How to split input channels at start of model?

The start of my model looks like this:

def __init__(self, pretrained=False):
  super().__init__()
  self.base = nn.ModuleList([])

  # Stem layer
  self.base.append(ConvLayer(in_channels=4, out_channels=first_ch[0], kernel=3, stride=2))
  self.base.append(ConvLayer(in_channels=first_ch[0], out_channels=first_ch[1], kernel=3))
  self.base.append(nn.MaxPool2d(kernel_size=2, stride=2))

  # Rest of model definition goes here
  self.base.append(...)

def forward(self, x):
  out_branch =[]
  for i in range(len(self.base)-1):            
    x = self.base[i](x)
    out_branch.append(x)
  return out_branch

Notice that it takes 4 channels as input in the first conv layer. This input is an RGB tensor (first 3 channels) with an extra channel added by the data loader. I want to change this so I can first split the in_channels into 3 and 1 so that I can have 2 stems: one stem for the RGB channels, and a second stem for the 4th channel. I will then concat the output of the single channel stem at some later point in the network. What might be the best way to do this?

You could slice the inputs on your forward method and pass the chunks to each corresponding stem. Afterwards use torch.cat to concatenate the activations again.

1 Like

Thanks for the pointers. I think I made some progress with it, but have hit an issue. Here is my new code:

def __init__(self, pretrained=False):
  super().__init__()
  self.base = nn.ModuleList([])

  # Stem layer
  # RGB stem layer
  self.rgb_stem_a = ConvLayer(in_channels=3, out_channels=first_ch[0], kernel=3, stride=2, bias=False, ibn=True)
  self.rgb_stem_b = ConvLayer(in_channels=first_ch[0], out_channels=first_ch[1], kernel=3, ibn=False, sn=True)

  # single stem layer
  self.single_stem_a = ConvLayer(in_channels=1, out_channels=first_ch[0], kernel=3, stride=2, bias=False, ibn=True)
  self.single_stem_b = ConvLayer(in_channels=first_ch[0], out_channels=first_ch[1], kernel=3, ibn=False, sn=True)

  self.maxpool = nn.MaxPool2d(kernel_size=2, stride=2)

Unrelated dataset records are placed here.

(* Let $(\mathcal{M},\omega)$ be a symplectic manifold of dimension $2d$, $\pi:\mathcal{M}\to\mathcal{B}$ a fibration in compact connected Lagrangian tori, and $H=F\circ\pi$ with $F\in C^\infty(\mathcal{B})$ satisfying the Rüssmann condition. Then the set of points $b\in\mathcal{B}$ such that there is no nonzero $k\in E_b$ with $dF_b(k)=0$ (i.e. the set of tori $\pi^{-1}(b)$ on which the dynamics of the Hamiltonian vector field $X_H$ is ergodic) is dense in $\mathcal{B}$.
   Context: Near each point of $\mathcal{B}$ there are canonical action-angle coordinates $(x,\xi):\pi^{-1}(\mathcal{O})\to\mathbb{T}^d\times\mathbb{R}^d$, $\mathbb{T}^d=\mathbb{R}^d/\mathbb{Z}^d$. The Duistermaat connection $\nabla$ on $\mathcal{B}$ is the torsion-free flat connection for which the $d\xi_j$ are parallel. The resonance bundle $E\subset T\mathcal{B}$ is the lattice subbundle whose fiber $E_b$ is the $\mathbb{Z}$-span of $\partial/\partial\xi_1,\dots,\partial/\partial\xi_d$ at $b$ (dual to the lattice spanned by the $d\xi_j$); local sections of $E$ are parallel. On $\pi^{-1}(b)$, $X_H$ is the linear flow $\dot x_j=\partial F/\partial\xi_j(b)$, and a nonzero $k\in E_b$ with $dF_b(k)=\sum_jk_j\partial F/\partial\xi_j(b)=0$ is a resonance relation. Rüssmann condition: for every open $\mathcal{O}$ and every non-vanishing parallel vector field $X$ on $\mathcal{O}$, $dF(X)$ does not vanish identically on any nonempty open subset of $\mathcal{O}$. *)

From HB Require Import structures.
From mathcomp Require Import all_boot all_order all_algebra.
From mathcomp Require Import all_classical all_reals all_analysis.
Set Implicit Arguments. Unset Strict Implicit. Unset Printing Implicit Defensive.
Import Order.TTheory GRing.Theory Num.Theory.
Import numFieldNormedType.Exports.
Local Open Scope classical_set_scope.
Local Open Scope ring_scope.

Notation coord R d := ('rV[R]_d).

Fixpoint iderive (R : realType) (d : nat) (vs : seq (coord R d))
    (f : coord R d -> R) : coord R d -> R :=
  match vs with
  | [::] => f
  | v :: vs' => fun x => 'D_v (iderive vs' f) x
  end.

Definition smooth_on (R : realType) (d : nat) (A : set (coord R d))
    (f : coord R d -> R) : Prop :=
  forall vs : seq (coord R d),
    (forall x, A x -> {for x, continuous (iderive vs f)}) /\
    (forall x v, A x -> derivable (iderive vs f) x v).

(* An integral affine atlas on a topological space B (the structure induced
   on the base of a Lagrangian torus fibration by the action coordinates):
   charts phi i : U i -> R^d (the action coordinates xi), homeomorphisms onto
   open subsets, with left inverses psi i, whose transition maps are locally
   of the form xi |-> xi A + c with A in GL(d, Z). *)
Record int_affine_atlas (R : realType) (d : nat) (B : topologicalType) := {
  ch_idx : Type;
  ch_dom : ch_idx -> set B;
  ch_map : ch_idx -> B -> coord R d;
  ch_inv : ch_idx -> coord R d -> B;
  ch_dom_open : forall i, open (ch_dom i);
  ch_cover : forall b, exists i, ch_dom i b;
  ch_cont : forall i, {within ch_dom i, continuous (ch_map i)};
  ch_openmap : forall i (W : set B), open W -> W `<=` ch_dom i ->
      open (ch_map i @` W);
  ch_invK : forall i b, ch_dom i b -> ch_inv i (ch_map i b) = b;
  ch_trans : forall i j b, ch_dom i b -> ch_dom j b ->
      exists W : set B, [/\ open W, W b &
      exists (A : 'M[int]_d) (c : coord R d),
        (\det A = 1 \/ \det A = -1) /\
        forall b', W b' -> ch_dom i b' -> ch_dom j b' ->
          ch_map j b' = ch_map i b' *m map_mx (fun z : int => z%:~R) A + c]
}.

Arguments ch_idx {R d B}.
Arguments ch_dom {R d B} _ _.
Arguments ch_map {R d B} _ _.
Arguments ch_inv {R d B} _ _.

Section Defs.
Variables (R : realType) (d : nat) (B : topologicalType)
  (atl : int_affine_atlas R d B).

Definition smooth_fun (F : B -> R) : Prop :=
  forall i, smooth_on (ch_map atl i @` ch_dom atl i) (F \o ch_inv atl i).

(* dF_b(v), for v a tangent vector atl b given by its components in chart i
   (i.e. v = sum_j v_j d/dxi_j). *)
Definition dF_chart (F : B -> R) (i : ch_idx atl) (b : B) (v : coord R d) : R :=
  'D_v (F \o ch_inv atl i) (ch_map atl i b).

(* No resonance atl b: no nonzero k in E_b (the Z-span of the d/dxi_j) with
   dF_b(k) = 0. (Stated in every chart containing b; the condition is
   chart independent.) *)
Definition nonresonant (F : B -> R) (b : B) : Prop :=
  forall i, ch_dom atl i b ->
  forall k : 'rV[int]_d, k != 0 ->
    dF_chart F i b (map_mx (fun z : int => z%:~R) k) != 0.

(* A vector field on O, given by its components X i b in each chart i
   (meaningful for b in O and in the chart domain). *)
Definition vector_field_on (O : set B) (X : ch_idx atl -> B -> coord R d) :=
  forall i j b, O b -> ch_dom atl i b -> ch_dom atl j b ->
    X j b = 'D_(X i b) (ch_map atl j \o ch_inv atl i) (ch_map atl i b).

(* Parallel for the Duistermaat connection: components (w.r.t. the parallel
   frame d/dxi) are locally constant. *)
Definition parallel_on (O : set B) (X : ch_idx atl -> B -> coord R d) :=
  vector_field_on O X /\
  forall i b, O b -> ch_dom atl i b ->
    exists W : set B, [/\ open W, W b &
      forall b', W b' -> O b' -> ch_dom atl i b' -> X i b' = X i b].

Definition nonvanishing_on (O : set B) (X : ch_idx atl -> B -> coord R d) :=
  forall i b, O b -> ch_dom atl i b -> X i b != 0.

Definition russmann (F : B -> R) : Prop :=
  forall (O : set B) (X : ch_idx atl -> B -> coord R d),
    open O -> parallel_on O X -> nonvanishing_on O X ->
    forall W : set B, open W -> W `<=` O -> W !=set0 ->
      ~ (forall i b, W b -> ch_dom atl i b -> dF_chart F i b (X i b) = 0).

End Defs.

(* Fix a chart around a point of an open set U. For every nonzero integer
   vector k, the derivative of F along the constant vector field k of the
   chart is a continuous function on the chart image; the vector field is
   parallel and nonvanishing (transition maps are affine with matrices in
   GL(d, Z)), so by the Russmann condition this derivative vanishes on no
   nonempty open set. Its zero set is therefore nowhere dense, and since the
   nonzero integer vectors are countable, the Baire category theorem yields a
   point of U at which no dF(k) vanishes. Nonresonance can be checked in a
   single chart, because a change of chart maps Z^d \ {0} onto itself. *)

From HB Require Import structures.
From mathcomp Require Import all_boot all_order all_algebra.
From mathcomp Require Import all_classical all_reals all_analysis.
Import Order.TTheory GRing.Theory Num.Theory.
Import numFieldNormedType.Exports.
Local Open Scope classical_set_scope.
Local Open Scope ring_scope.
Set Implicit Arguments. Unset Strict Implicit.

(* The library declares completeness of matrices over a complete type, but
   does not join it with their normed-module structure over a realType. *)
HB.instance Definition _ (R : realType) (m n : nat) :=
  Uniform_isComplete.Build 'M[R]_(m, n) (@mx_complete R m n).

Local Notation intmx M := (map_mx (fun z : int => z%:~R) M).

Lemma intmx_eq0 (R : numDomainType) m n (k : 'M[int]_(m, n)) :
  (intmx k == 0 :> 'M[R]_(m, n)) = (k == 0).
Proof.
apply/eqP/eqP => [/matrixP kR0|->]; last by rewrite map_mx0.
by apply/matrixP => i j; have /eqP := kR0 i j; rewrite !mxE intr_eq0 => /eqP.
Qed.

Lemma unimodular_intmx_unit (R : numFieldType) n (A : 'M[int]_n) :
  \det A = 1 \/ \det A = -1 -> (intmx A : 'M[R]_n) \in unitmx.
Proof.
rewrite unitmxE det_map_mx.
by case=> ->; rewrite ?rmorphN rmorph1 ?unitrN unitr1.
Qed.

Lemma derive_comp_affine (R : numFieldType) (W : normedModType R) d
    (g : 'rV[R]_d -> W) (M : 'M[R]_d) (c x v : 'rV[R]_d) :
  'D_v (g \o (fun y => y *m M + c)) x = 'D_(v *m M) g (x *m M + c).
Proof.
by rewrite /derive /=; under eq_fun do rewrite mulmxDl -scalemxAl -addrA.
Qed.

Lemma near_eq_derive_comp_affine (R : numFieldType) (W : normedModType R) d
    (f g : 'rV[R]_d -> W) (M : 'M[R]_d) (c x v : 'rV[R]_d) :
  (\forall y \near x, f y = g (y *m M + c)) ->
  'D_v f x = 'D_(v *m M) g (x *m M + c).
Proof. by move=> fg; rewrite -derive_comp_affine; exact: near_eq_derive. Qed.

Lemma near_eq_derive_affine (R : numFieldType) d
    (f : 'rV[R]_d -> 'rV[R]_d) (M : 'M[R]_d) (c x v : 'rV[R]_d) :
  (\forall y \near x, f y = y *m M + c) -> 'D_v f x = v *m M.
Proof.
by move=> fMc; rewrite (@near_eq_derive_comp_affine _ _ _ _ id M c) ?derive_id.
Qed.

Lemma exists_common_nonzero (R : realType) (T : completeNormedModType R)
    (J : countType) (f : J -> T -> R) (G : set T) :
  open G -> G !=set0 -> (forall i y, G y -> {for y, continuous (f i)}) ->
  (forall i (O : set T), open O -> O !=set0 -> O `<=` G ->
     ~ (forall y, O y -> f i y = 0)) ->
  exists2 y, G y & forall i, f i y != 0.
Proof.
move=> oG G0 fC fflat.
pose Z i := [set y | G y /\ f i y = 0].
have Z_nowhere_dense i : open (~` closure (Z i)) /\ dense (~` closure (Z i)).
  split; first exact/closed_openC/closed_closure.
  move=> O [x Ox] oO; apply: contrapT => OZ.
  have OZi : O `<=` closure (Z i).
    by move=> y Oy; apply: contrapT => Zy; apply: OZ; exists y.
  have [y [[Gy _] Oy]] := OZi x Ox O (open_nbhs_nbhs (conj oO Ox)).
  apply: (fflat i (O `&` G)); [exact: openI | by exists y | exact: subIsetr |].
  move=> z [Oz Gz]; apply: contrapT => /eqP fz.
  have fz_near : nbhs z [set w | f i w != 0].
    apply: (fC i z Gz [set r | r != 0]).
    by apply: open_nbhs_nbhs; split => //; exact: open_neq.
  by have [w [[_ fw0] /eqP]] := OZi z Oz _ fz_near.
pose U n := if unpickle n is Some i then ~` closure (Z i) else setT.
have oU n : open (U n) /\ dense (U n).
  rewrite /U; case: unpickle => [i|]; first exact: Z_nowhere_dense.
  by split; [exact: openT | move=> O O0 _; rewrite setIT].
have [y [Gy Uy]] := Baire oU G0 oG.
exists y => // i; apply/eqP => fy0.
by have := Uy (pickle i) I; rewrite /U pickleK; apply; exact: subset_closure.
Qed.

Section Charts.
Variables (R : realType) (d : nat) (B : topologicalType)
  (atl : int_affine_atlas R d B).
Local Notation dom := (ch_dom atl).
Local Notation chm := (ch_map atl).
Local Notation chi := (ch_inv atl).

Lemma open_chart_preimage i (N : set 'rV[R]_d) :
  open N -> open (dom i `&` chm i @^-1` N).
Proof.
move=> oN; have := @ch_cont _ _ _ atl i.
rewrite continuous_open_subspace; last exact: ch_dom_open.
by move/continuous_inP => /(_ (ch_dom_open i)); apply.
Qed.

Lemma chart_transition i0 i b : dom i0 b -> dom i b ->
  exists (A : 'M[int]_d) (c : 'rV[R]_d) (N : set 'rV[R]_d),
  [/\ \det A = 1 \/ \det A = -1, open N, N (chm i0 b) &
      forall y, N y -> chm i (chi i0 y) = y *m intmx A + c /\
                       chi i (y *m intmx A + c) = chi i0 y].
Proof.
move=> h0 h1; have [W [oW Wb [A [c [dA HA]]]]] := ch_trans h0 h1.
exists A, c, (chm i0 @` (W `&` dom i0 `&` dom i)); split => //.
- apply: ch_openmap; last by move=> z [[]].
  by apply: openI; [apply: openI => //|]; apply: ch_dom_open.
- by exists b.
move=> y [b' [[Wb' d0] d1] <-]; rewrite (ch_invK d0) -(HA b') //.
by rewrite (ch_invK d1).
Qed.

Lemma derive_transition i0 i b : dom i0 b -> dom i b ->
  exists (A : 'M[int]_d) (N : set 'rV[R]_d),
  [/\ \det A = 1 \/ \det A = -1, open N, N (chm i0 b) &
      forall y v, N y -> 'D_v (chm i \o chi i0) y = v *m intmx A].
Proof.
move=> h0 h1; have [A [c [N [dA oN Nb HN]]]] := chart_transition h0 h1.
exists A, N; split => // y v Ny; apply: (@near_eq_derive_affine _ _ _ _ c).
by apply: filterS (open_nbhs_nbhs (conj oN Ny)) => z /HN [].
Qed.

Lemma derive_chart_change (W : normedModType R) (G : B -> W) i0 i b v :
  dom i0 b -> dom i b ->
  'D_v (G \o chi i0) (chm i0 b) =
  'D_('D_v (chm i \o chi i0) (chm i0 b)) (G \o chi i) (chm i b).
Proof.
move=> h0 h1; have [A [c [N [_ oN Nb HN]]]] := chart_transition h0 h1.
have nearN : \forall y \near chm i0 b, N y := open_nbhs_nbhs (conj oN Nb).
rewrite (@near_eq_derive_affine _ _ _ (intmx A) c); last first.
  by apply: filterS nearN => y /HN [].
have -> : chm i b = chm i0 b *m intmx A + c by rewrite -(HN _ Nb).1 ch_invK.
apply: near_eq_derive_comp_affine; apply: filterS nearN => y /HN [_ Ey] /=.
by rewrite Ey.
Qed.

Definition chart_const_field i0 (v : 'rV[R]_d) : ch_idx atl -> B -> 'rV[R]_d :=
  fun i b => 'D_v (chm i \o chi i0) (chm i0 b).

Lemma chart_const_field_parallel i0 v :
  parallel_on (dom i0) (chart_const_field i0 v).
Proof.
split=> [i j b h0 hi hj|i b h0 hi]; first exact: derive_chart_change.
have [A [N [_ oN Nb DA]]] := derive_transition h0 hi.
exists (dom i0 `&` chm i0 @^-1` N).
split; [exact: open_chart_preimage | by [] |].
by move=> b' [h0' Nb'] _ _; rewrite /chart_const_field !DA.
Qed.

Lemma chart_const_field_nonvanishing i0 v :
  v != 0 -> nonvanishing_on (dom i0) (chart_const_field i0 v).
Proof.
move=> v0 i b h0 hi; have [A [N [dA _ Nb DA]]] := derive_transition h0 hi.
rewrite /chart_const_field DA // mulmx_free_eq0 //.
by rewrite row_free_unit unimodular_intmx_unit.
Qed.

Lemma dF_chart_const_field (F : B -> R) i0 i b v : dom i0 b -> dom i b ->
  dF_chart F i b (chart_const_field i0 v i b) = 'D_v (F \o chi i0) (chm i0 b).
Proof. by move=> h0 hi; rewrite /dF_chart -derive_chart_change. Qed.

Lemma nonresonant_chart (F : B -> R) i0 b : dom i0 b ->
  (forall k : 'rV[int]_d, k != 0 -> dF_chart F i0 b (intmx k) != 0) ->
  nonresonant atl F b.
Proof.
move=> h0 nonres i hi k k0.
have [A [N [dA _ Nb DA]]] := derive_transition hi h0.
rewrite /dF_chart (derive_chart_change _ _ hi h0) DA // -map_mxM; apply: nonres.
rewrite -(intmx_eq0 R) map_mxM mulmx_free_eq0 ?intmx_eq0 //.
by rewrite row_free_unit unimodular_intmx_unit.
Qed.

Lemma russmann_chart_nonflat (F : B -> R) i0 (v : 'rV[R]_d) (V : set 'rV[R]_d) :
  russmann atl F -> v != 0 -> open V -> V !=set0 -> V `<=` chm i0 @` dom i0 ->
  ~ (forall y, V y -> 'D_v (F \o chi i0) y = 0).
Proof.
move=> Frus v0 oV [y Vy] Vchart flat; have [b h0 yb] := Vchart y Vy.
apply: (Frus (dom i0) (chart_const_field i0 v) (ch_dom_open i0)
  (chart_const_field_parallel i0 v)
  (chart_const_field_nonvanishing (i0 := i0) v0)
  (dom i0 `&` chm i0 @^-1` V)).
- exact: open_chart_preimage.
- exact: subIsetl.
- by exists b; split => //; rewrite /= yb.
by move=> i b' [h0' Vb'] hi; rewrite dF_chart_const_field //; exact: flat.
Qed.

End Charts.

Theorem mainTheorem11 (R : realType) (d : nat) (B : topologicalType)
  (atl : int_affine_atlas R d B) (F : B -> R) :
  smooth_fun atl F -> russmann atl F ->
  dense [set b | nonresonant atl F b].
Proof.
move=> Fsmooth Frus U [b Ub] oU.
have [i0 hb] := ch_cover atl b.
pose G := ch_map atl i0 @` (U `&` ch_dom atl i0).
pose f (k : {k : 'rV[int]_d | k != 0}) :=
  'D_(intmx (val k) : 'rV[R]_d) (F \o ch_inv atl i0).
have [_ [b0 [Ub0 hb0] <-] nonres] : exists2 y, G y & forall k, f k y != 0.
  apply: exists_common_nonzero.
  - by apply: ch_openmap; [exact: openI (ch_dom_open i0) | exact: subIsetr].
  - by exists (ch_map atl i0 b), b.
  - move=> k _ [b' [_ hb'] <-].
    by apply: (Fsmooth i0 [:: intmx (val k)]).1; exists b'.
  - move=> [k /= k0] O oO O0 OG; apply: (russmann_chart_nonflat Frus _ oO O0).
      by rewrite intmx_eq0.
    by move=> y /OG [b' [_ hb'] <-]; exists b'.
exists b0; split => //; apply: (nonresonant_chart hb0) => k k0.
exact: (nonres (exist _ k k0)).
Qed.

  # Rest of model definition goes here
  self.base.append(...)

def forward(self, x):
  out_branch = []
  rgb_channels = x[:,[0,1,2]]
  single_channel = x[:,[3]]

  rgb = self.rgb_stem_a(rgb_channels)
  rgb = self.rgb_stem_b(rgb)

  single = self.single_stem_a(single_channel)
  single = self.single_stem_b(single)

  r = self.maxpool(rgb)
  g = self.maxpool(single)

  cat = torch.cat((r, g), dim=0)

  for i in range(len(self.base)-1):
    if i == 0:
      x = self.base[i](cat)
    else:
      x = self.base[i](x)
    out_branch.append(x)
  return out_branch

However, with this new code I get the following error:

File "/miniconda3/envs/test/lib/python3.9/site-packages/torch/nn/functional.py", 
line 3163, in binary_cross_entropy_with_logits
raise ValueError("Target size ({}) must be the same as input size 
({})".format(target.size(), input.size()))
ValueError: Target size (torch.Size([5, 1, 512, 512])) must be the same as 
input size (torch.Size([10, 1, 512, 512]))

I’m guessing this may be related to the way I am concatenating the two maxpool layers. Can you spot anything obvious that is wrong with my approach? Here’s the output of cat.shape:

torch.Size([10, 60, 128, 128])
torch.Size([10, 150, 128, 128])